# Official Tour de France - Stage 6 Girona → Barcelona (181km)



## iliveonnitro (Feb 19, 2006)

No doubt this is a breakaway rider's stage. But, who will it be?


----------



## jd3 (Oct 8, 2004)

Tony Martin


----------



## JohnHenry (Aug 9, 2006)

oscar freire seems to be a popular pick.


----------



## robdamanii (Feb 13, 2006)

David Moncoutié


----------



## yancy0303 (Feb 13, 2008)

No way a break stays away 2 days in a row, maybe an attack off the front in the final KMs, last "flat" stage before the mountains. Oscar Freire.


----------



## Sojourneyman (Jun 22, 2007)

Fabien! Fabien!


----------



## OldEndicottHiway (Jul 16, 2007)

Sastre

No. I'm going change this. 

I'm going to give Farrar a shot.

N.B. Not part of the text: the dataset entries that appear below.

Record bimod_ax (K : fieldType) (A : falgType K) (M : vectType K)
    (la : A -> M -> M) (ra : M -> A -> M) : Prop := BimodAx {
  la_addl : forall a b m, la (a + b) m = la a m + la b m;
  la_addr : forall a m m', la a (m + m') = la a m + la a m';
  la_scalel : forall (c : K) a m, la (c *: a) m = c *: la a m;
  la_scaler : forall (c : K) a m, la a (c *: m) = c *: la a m;
  la_one : forall m, la 1 m = m;
  la_mul : forall a b m, la (a * b) m = la a (la b m);
  ra_addl : forall m m' a, ra (m + m') a = ra m a + ra m' a;
  ra_addr : forall m a b, ra m (a + b) = ra m a + ra m b;
  ra_scalel : forall (c : K) m a, ra (c *: m) a = c *: ra m a;
  ra_scaler : forall (c : K) m a, ra m (c *: a) = c *: ra m a;
  ra_one : forall m, ra m 1 = m;
  ra_mul : forall m a b, ra m (a * b) = ra (ra m a) b;
  lr_comm : forall a m b, la a (ra m b) = ra (la a m) b
}.

Definition cornerM (K : fieldType) (A : falgType K) (M : vectType K)
    (la : A -> M -> M) (ra : M -> A -> M) (e e' : A) : {vspace M} :=
  img_vs (fun m : M => la e (ra m e')).

Definition triangular_bimod (K : fieldType) (A : falgType K) (M : vectType K)
    (la : A -> M -> M) (ra : M -> A -> M) (n : nat) (e : 'I_n -> A) : Prop :=
  forall i j : 'I_n, (j < i)%N -> cornerM la ra (e i) (e j) = 0%VS.

(* Cartan matrices, indices shifted to 0..n-1: entry (i,j) is
   dim e_{n-1-j} X e_{n-1-i}  (i.e. rev_ord). *)
Definition cartanA (K : fieldType) (A : falgType K) (n : nat) (e : 'I_n -> A)
    : 'M[int]_n :=
  \matrix_(i < n, j < n) (\dim (cornerA (e (rev_ord j)) (e (rev_ord i))))%:Z.

Definition cartanM (K : fieldType) (A : falgType K) (M : vectType K)
    (la : A -> M -> M) (ra : M -> A -> M) (n : nat) (e : 'I_n -> A)
    : 'M[int]_n :=
  \matrix_(i < n, j < n)
     (\dim (cornerM la ra (e (rev_ord j)) (e (rev_ord i))))%:Z.

Definition Bplus (n : nat) (B : 'M[int]_n) : 'M[int]_n :=
  \matrix_(i < n, j < n)
    (if (i < j)%N then B i j else if i == j then 1 else 0).
Theorem lemma3p4 (V W : nat -> pt -> Prop) :
  (forall n x, V n x -> open_sq x) ->
  (forall n, countable_set (V n)) ->
  pairwise_disjoint V ->
  (forall n x, W n x -> open_sq x) ->
  pairwise_disjoint W ->
  (forall n, dense_in_sq (V n)) ->
  (forall n, dense_in_sq (W n)) ->
  forall lam eps : R, 1 < lam -> 0 < eps ->
  exists h : pt -> pt,
    lambda_homeo_sq lam h /\
    (forall x, bd_sq x -> h x = x) /\
    (forall x, closed_sq x -> dist2 (h x) x < eps) /\
    (forall n x, V n x -> W n (h x)).
Proof.
  intros HVopen HVcount HVdisj _ _ _ HWdense lam eps Hlam Heps.
  destruct (enumerate_disjoint_family V HVcount HVdisj) as [slot [Hin [Hcover Hinj]]].
  assert (Hopen : forall k v n, slot k = Some (v, n) -> open_sq v) by eauto.
  set (q := (1 - / lam) / 2).
  assert (Hq : 0 < q <= 1).
  { pose proof (Rinv_1_lt_contravar 1 lam (Rle_refl 1) Hlam); rewrite Rinv_1 in *.
    pose proof (Rinv_0_lt_compat lam ltac:(lra)); unfold q; lra. }
  assert (He : 0 < eps / 4) by lra.
  set (g := bumps (cen slot) (rad slot) (disp slot W q (eps / 4))).
  assert (Hr := rad_pos slot Hopen Hinj).
  assert (Hrd := rad_le_bd_dist slot).
  assert (Hdr := disp_le_rad slot W q (eps / 4) Hopen Hinj Hq He).
  assert (Hde := disp_le_e slot W q (eps / 4) Hopen Hinj Hq He).
  assert (Hout : forall x, ~ open_sq x -> g x = (0, 0)) by (intros; now apply bumps_out).
  exists (fun x => padd x (g x)); split; [| split; [| split]].
  - apply (perturbation_lambda_homeo g q); [assumption | lra | unfold q; lra | | assumption |].
    + intros x y; apply (bumps_supn _ _ _ q (eps / 4)); auto.
    + intros x Hx; apply (bumps_bd_dist _ _ _ q); auto; lra.
  - intros x [_ Hx]; rewrite Hout by assumption; destruct x; unfold padd; simpl; f_equal; ring.
  - intros x _; eapply Rle_lt_trans; [apply dist2_le_2supn |].
    replace (supn (padd x (g x)) x) with (nrm (g x))
      by (unfold supn; f_equal; destruct (g x), x; unfold psub, padd; simpl; f_equal; ring).
    assert (nrm (g x) <= eps / 4) by apply (bumps_small _ _ _ _ Hr Hde); lra.
  - intros n x Hx; destruct (Hcover n x Hx) as [k Hk].
    eapply interpolate_slot; eauto.
Qed.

At the least, I think he can get one over Cavendish on this one.


----------



## bubbha70 (Aug 8, 2004)

Carlos Sastre.

No time like the present for the defending champion to make up some time.
Haven't heard much from the Cervelo Test Team.
This stage gives Sastra a lot of opportunities to attack and distance himself from the peloton.


----------



## llama31 (Jan 13, 2006)

Boonen makes his comeback in a sprint finish


----------



## zosocane (Aug 29, 2004)

If this parcours were in France I would say Sylvain Chavanel. 

But this is in Spain, so gotta pick a Spaniard: Luis Leon Sanchez or Egoi Martinez in a break.


----------



## albert owen (Jul 7, 2008)

Cavendish


----------



## harlond (May 30, 2005)

Mark Cavendish.


----------



## OldEndicottHiway (Jul 16, 2007)

jd3 said:


> Tony Martin



Taking a chance on the new guy, eh?


----------



## uzziefly (Jul 15, 2006)

Is that an uphill finish? Minor I mean. But is it? If it is, it changes a lot of things for Cav, Farrar etc. 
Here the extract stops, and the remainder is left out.